▶ Task instructions
Return, word for word, the line containing "Lemma horner_pscal c" and every line after it through the last line of the records below.

▶ Listed records
Lemma condP_phat_lt G p : (1 <= G)%nat ->
  condP G p (fun w => phat G w < p) = condP_phat_gt G (1 - p).
Proof.
  intro HG. unfold condP_phat_gt, condP. rewrite !(prob_map_negb G p).
  assert (HG' : 0 < INR G) by (apply lt_0_INR; lia).
  assert (Hflip : forall w, In w (outcomes G) ->
            phat G (map negb w) = 1 - phat G w /\ (nondeg G (map negb w) <-> nondeg G w)).
  { intros w Hw. unfold phat, nondeg. rewrite Rtot_map_negb, (outcomes_length G w Hw).
    split; [field; lra | lra]. }
  f_equal; apply prob_ext_in; intros w Hw; destruct (Hflip w Hw) as [E1 E2];
    cbv beta; [rewrite E1, E2; intuition lra | exact E2].
Qed.

Fixpoint horner (cs : list Q) (x : R) : R :=
  match cs with [] => 0 | c :: cs' => Q2R c + x * horner cs' x end.

Fixpoint padd (a b : list Q) : list Q :=
  match a, b with
  | [], _ => b
  | _, [] => a
  | x :: a', y :: b' => (x + y)%Q :: padd a' b'
  end.

Definition pscal (c : Q) (a : list Q) : list Q := map (Qmult c) a.

Fixpoint pmul (a b : list Q) : list Q :=
  match a with [] => [] | x :: a' => padd (pscal x b) (0%Q :: pmul a' b) end.

Lemma horner_padd a b x : horner (padd a b) x = horner a x + horner b x.
Proof.
  revert b; induction a as [|u a IH]; intro b; simpl; [lra|].
  destruct b as [|v b]; simpl; [lra|]. rewrite IH, Q2R_plus. ring.
Qed.

Lemma horner_pscal c a x : horner (pscal c a) x = Q2R c * horner a x.
Proof. induction a as [|u a IH]; simpl; [ring|]. rewrite IH, Q2R_mult. ring. Qed.

Lemma horner_pmul a b x : horner (pmul a b) x = horner a x * horner b x.
Proof.
  induction a as [|u a IH]; simpl; [ring|].
  rewrite horner_padd, horner_pscal. simpl. rewrite IH, Q2R_0. ring.
Qed.

Lemma horner_continuous cs x : continuous (horner cs) x.
Proof.
  induction cs as [|c cs IH]; simpl; [apply continuous_const|].
  apply (continuous_plus (fun _ => Q2R c) (fun y => y * horner cs y)); [apply continuous_const|].
  apply (continuous_mult (fun y => y) (horner cs)); [apply continuous_id | exact IH].
Qed.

▶ Task answer
Lemma horner_pscal c a x : horner (pscal c a) x = Q2R c * horner a x.
Proof. induction a as [|u a IH]; simpl; [ring|]. rewrite IH, Q2R_mult. ring. Qed.

Lemma horner_pmul a b x : horner (pmul a b) x = horner a x * horner b x.
Proof.
  induction a as [|u a IH]; simpl; [ring|].
  rewrite horner_padd, horner_pscal. simpl. rewrite IH, Q2R_0. ring.
Qed.

Lemma horner_continuous cs x : continuous (horner cs) x.
Proof.
  induction cs as [|c cs IH]; simpl; [apply continuous_const|].
  apply (continuous_plus (fun _ => Q2R c) (fun y => y * horner cs y)); [apply continuous_const|].
  apply (continuous_mult (fun y => y) (horner cs)); [apply continuous_id | exact IH].
Qed.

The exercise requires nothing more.